Meine Mutter schnappte nach Luft und ich streichelte ihr das letzte Mal über das braune, lange Haar. In der Nacht verabschiedete ich mich von meinen Geschwistern während sie schliefen. Irgendwann würden sie fragen, wo ich sei, aber ich selbst brachte es nicht übers Herz, es ihnen persönlich zu sagen. Ihnen zu versprechen, ich würde von dort wiederkommen, wo ich nun ab sofort sein werde, wäre falsch und ihnen zu sagen, ich werde nie wieder kommen, konnte ich nicht, denn das hatten sie nicht verdient. Ich wusste, sie bauten große Stücke auf mich, nachdem Vater gestorben war, ich war ihre Konstante und ihr Aufpasser, ihr Beschützer, ihr Held, aber trotzdem ließ ich sie alleine. Ich musste es tun.

Was man ihnen erzählte, nachdem ich gegangen war, wusste ich nicht, ich hoffte nur, dass meine Mutter ihnen eine gute Erklärung bieten konnte, die sie vielleicht sogar selbst glaubte, um nicht unglücklich zu werden.

Es war schweinekalt, als ich über den riesigen Militärplatz lief, auf dem bereits viele andere Soldaten, - manche kannte ich, manche nicht - für den Aufbruch vorbereitet wurden. Es war hektisch, die Kommandeure schrien umher, irgendwo war ein Radio mit Musik aufgedreht. Es gab Gruppen von Männern, die feierten es, dass der Krieg nun auch für Amerika begann und es grab Gruppen, die würden sich am liebsten hier und jetzt die Kugel geben. Ich gehörte zu keiner, zumindest noch nicht.

„Name", brummte ein unfreundlicher Mann, der für die Auflistung der Soldaten zuständig war. Er saß bereits den ganzen Tag an einem Tisch und fror wahrscheinlich mehr, als alle anderen, auch wenn er eine dicke Fellmütze trug.

„Harold Edward Styles", sagte ich deswegen und achtete darauf, wo genau er mich eintrug. Ich kam auf die Liste mit den Männern, die man sofort auf die Schiffe schicken konnte, denn ich war bereits zwei Jahre im Militär. Ein paar Zeilen unter meinem Namen, sah ich einen mir bekannten. Ich wusste, Horan würde, genauso wie ich, nicht lange fackeln.

Der Mann nickte, sah jedoch nicht zu mir auf. Er wechselte seinen Bleistift, denn sein jetziger war abgebrochen. „Steh nicht so unnütz rum, Junge, oder musst du wirklich gesagt bekommen, wo du hinmusst?"

Ich verneinte seine Aussage und machte mich auf den Weg in das riesige Zelt, aus dem die laute Musik kam und eine Menge Soldaten bereits betrunken waren. Warum genau gefeiert wurde, könnte mehrere Gründe haben, ich denke, jeder hatte seinen eigenen.
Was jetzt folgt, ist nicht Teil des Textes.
(* Let $\Gamma\subset\mathbb{R}^2$ be a lattice, let $\Lambda>0$ be a smooth $\Gamma$-periodic function on $\mathbb{R}^2$, let $n\ge3$, and let $F=\sum_{i=0}^n a_i(x,y)p_1^{n-i}p_2^i$ with smooth $\Gamma$-periodic $a_i$ satisfy $\{H,F\}=0$, $H=\frac{p_1^2+p_2^2}{2\Lambda}$. Assume the Kolokoltsov relations hold with constant $c_1=0$ and some constant $c_2$, i.e. $$a_{n-1}=\sum_{j\ge 0,\ 2j\le n-3}(-1)^j a_{n-3-2j},\qquad a_n=c_2+\sum_{j\ge 0,\ 2j\le n-2}(-1)^j a_{n-2-2j}.$$ Define $P,Q,R$ as follows. If $n=2k$: with $S_e=\sum_{j=0}^{k-1}(-1)^j(n-2j)a_{2j}$, $S_o=\sum_{j=0}^{k-2}(-1)^j(n-2-2j)a_{2j+1}$, put $P=S_e\Lambda$, $Q=-S_o\Lambda$, $R=(-S_e+(-1)^k nc_2)\Lambda$. If $n=2k+1$: with $T_e=\sum_{j=0}^{k-1}(-1)^j(n-1-2j)a_{2j}$, $T_o=\sum_{j=0}^{k-1}(-1)^j(n-1-2j)a_{2j+1}$, put $P=T_o\Lambda$, $Q=T_e\Lambda$, $R=(-T_o+(-1)^k nc_2)\Lambda$. Then $$P_x+Q_y=0,\qquad Q_x+R_y=0.$$
   Context: The Poisson bracket is $\{H,F\}=\sum_{j=1}^2\left(\frac{\partial H}{\partial q^j}\frac{\partial F}{\partial p_j}-\frac{\partial H}{\partial p_j}\frac{\partial F}{\partial q^j}\right)$ with $(q^1,q^2)=(x,y)$; $\{H,F\}=0$ means $F$ is a first integral of the geodesic flow of the metric $\Lambda(dx^2+dy^2)$ on the torus $\mathbb{R}^2/\Gamma$. By a theorem of Kolokoltsov, for any such integral there are constants $c_1,c_2$ with $a_{n-1}=c_1+\sum_{j\ge0,2j\le n-3}(-1)^ja_{n-3-2j}$ and $a_n=c_2+\sum_{j\ge0,2j\le n-2}(-1)^ja_{n-2-2j}$; $c_1=0$ can be arranged by a rotation of the $(x,y)$-plane. *)

From Stdlib Require Import Reals Lra Lia List.
Open Scope R_scope.

Definition cont2 (f : R -> R -> R) : Prop :=
  forall x y eps, 0 < eps -> exists d, 0 < d /\
    forall u v, Rabs (u - x) < d -> Rabs (v - y) < d -> Rabs (f u v - f x y) < eps.

(* C^infinity on R^2: all iterated partial derivatives (any order of
   differentiation, false = d/dx, true = d/dy) exist and are continuous. *)
Definition smooth2 (f : R -> R -> R) : Prop :=
  exists D : list bool -> R -> R -> R, D nil = f /\
    forall l, cont2 (D l) /\
      (forall x y, derivable_pt_lim (fun t => D l t y) x (D (false :: l) x y)) /\
      (forall x y, derivable_pt_lim (fun t => D l x t) y (D (true :: l) x y)).

(* Gamma = Z e1 + Z e2 with e1, e2 linearly independent *)
Definition is_lattice_basis (e1x e1y e2x e2y : R) : Prop :=
  e1x * e2y - e1y * e2x <> 0.

(* Gamma-periodicity (invariance under the generators, hence under Gamma) *)
Definition periodic (e1x e1y e2x e2y : R) (f : R -> R -> R) : Prop :=
  forall x y, f (x + e1x) (y + e1y) = f x y /\ f (x + e2x) (y + e2y) = f x y.

Definition poisson_zero (H F : R -> R -> R -> R -> R) : Prop :=
  forall x y p1 p2, exists Hx Hy Hp1 Hp2 Fx Fy Fp1 Fp2,
    derivable_pt_lim (fun t => H t y p1 p2) x Hx /\
    derivable_pt_lim (fun t => H x t p1 p2) y Hy /\
    derivable_pt_lim (fun t => H x y t p2) p1 Hp1 /\
    derivable_pt_lim (fun t => H x y p1 t) p2 Hp2 /\
    derivable_pt_lim (fun t => F t y p1 p2) x Fx /\
    derivable_pt_lim (fun t => F x t p1 p2) y Fy /\
    derivable_pt_lim (fun t => F x y t p2) p1 Fp1 /\
    derivable_pt_lim (fun t => F x y p1 t) p2 Fp2 /\
    Hx * Fp1 - Hp1 * Fx + Hy * Fp2 - Hp2 * Fy = 0.

Definition hamiltonian (Lam : R -> R -> R) : R -> R -> R -> R -> R :=
  fun x y p1 p2 => (p1 ^ 2 + p2 ^ 2) / (2 * Lam x y).

Definition polyF (n : nat) (a : nat -> R -> R -> R) : R -> R -> R -> R -> R :=
  fun x y p1 p2 => sum_f_R0 (fun i => a i x y * p1 ^ (n - i) * p2 ^ i) n.

Definition kolokoltsov (n : nat) (a : nat -> R -> R -> R) (c2 : R) : Prop :=
  forall x y,
    a (n - 1)%nat x y =
      sum_f_R0 (fun j => (-1) ^ j * a (n - 3 - 2 * j)%nat x y) (Nat.div2 (n - 3)) /\
    a n x y =
      c2 + sum_f_R0 (fun j => (-1) ^ j * a (n - 2 - 2 * j)%nat x y) (Nat.div2 (n - 2)).

Definition Se (n k : nat) (a : nat -> R -> R -> R) (x y : R) : R :=
  sum_f_R0 (fun j => (-1) ^ j * (INR n - 2 * INR j) * a (2 * j)%nat x y) (k - 1).
Definition So (n k : nat) (a : nat -> R -> R -> R) (x y : R) : R :=
  sum_f_R0 (fun j => (-1) ^ j * (INR n - 2 - 2 * INR j) * a (2 * j + 1)%nat x y) (k - 2).
Definition Te (n k : nat) (a : nat -> R -> R -> R) (x y : R) : R :=
  sum_f_R0 (fun j => (-1) ^ j * (INR n - 1 - 2 * INR j) * a (2 * j)%nat x y) (k - 1).
Definition To (n k : nat) (a : nat -> R -> R -> R) (x y : R) : R :=
  sum_f_R0 (fun j => (-1) ^ j * (INR n - 1 - 2 * INR j) * a (2 * j + 1)%nat x y) (k - 1).

Definition div_free (P Q R0 : R -> R -> R) : Prop :=
  forall x y,
    (exists Px Qy, derivable_pt_lim (fun t => P t y) x Px /\
                   derivable_pt_lim (fun t => Q x t) y Qy /\ Px + Qy = 0) /\
    (exists Qx Ry, derivable_pt_lim (fun t => Q t y) x Qx /\
                   derivable_pt_lim (fun t => R0 x t) y Ry /\ Qx + Ry = 0).

(* Fix a point (x,y) and let c_i = a_i(x,y) (extended by 0 for i > n).
   Multiplying {H,F}(x,y,1,t) by -Lambda^2 gives a polynomial in t whose
   coefficients [bracket_coef] must all vanish (identity principle).  Two
   alternating weighted sums of these coefficients telescope, and express the
   real and imaginary parts of a complex conservation law for
     W = W0 + i W1 = dF/dp1 (1,i)   and   S = S0 + i S1 = F(1,i):
       d_x(Lambda W0) - d_y(Lambda W1) = - Lambda d_x S0 - n Lambda_y S1,
       d_x(Lambda W1) + d_y(Lambda W0) = - Lambda d_x S1 + n Lambda_y S0
   ([moment_identities]).  The Kolokoltsov relations say exactly that
   F(1,i) = c2 i^n, so S is constant and the law becomes two divergence-free
   conditions ([moment_conservation_law]).  The sums Se, So, Te, To of the
   statement are W0, W1 up to re-indexing and the constant S, which gives the
   theorem for n even and n odd. *)

From Stdlib Require Import Reals Lra Lia.
Open Scope R_scope.

Lemma sum_extend (f g : nat -> R) (M N : nat) : (M <= N)%nat ->
  (forall j, (j <= M)%nat -> f j = g j) ->
  (forall j, (M < j <= N)%nat -> g j = 0) ->
  sum_f_R0 f M = sum_f_R0 g N.
Proof.
  intros HMN Hfg Hg. induction N as [|N IHN].
  - replace M with 0%nat by lia. apply Hfg; lia.
  - destruct (Nat.eq_dec M (S N)) as [->|HM].
    + apply sum_eq; auto.
    + rewrite tech5, <- IHN by (try intros; try apply Hg; lia).
      rewrite (Hg (S N)) by lia. ring.
Qed.

Lemma sum_scal_l (f : nat -> R) (c : R) (N : nat) :
  sum_f_R0 (fun j => c * f j) N = c * sum_f_R0 f N.
Proof. induction N as [|N IHN]; simpl; [|rewrite IHN]; ring. Qed.

Lemma pow_m1_sqr (M : nat) : (-1) ^ M * (-1) ^ M = 1.
Proof. rewrite <- Rpow_mult_distr. replace (-1 * -1) with 1 by ring. apply pow1. Qed.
Es könnte die Freude darauf, dass nun auch wir endlich im Krieg mitmischen konnten sein, oder es könnte auch der Grund sein, dass es vielleicht das letzte Mal war, dass wir überhaupt feiern konnten. Viele werden hier nach keinen amerikanischen Boden mehr zu Gesicht bekommen oder auch nur das Gesicht des jeweils anderen. Man musste damit rechnen, sich das letzte Mal zu begegnen.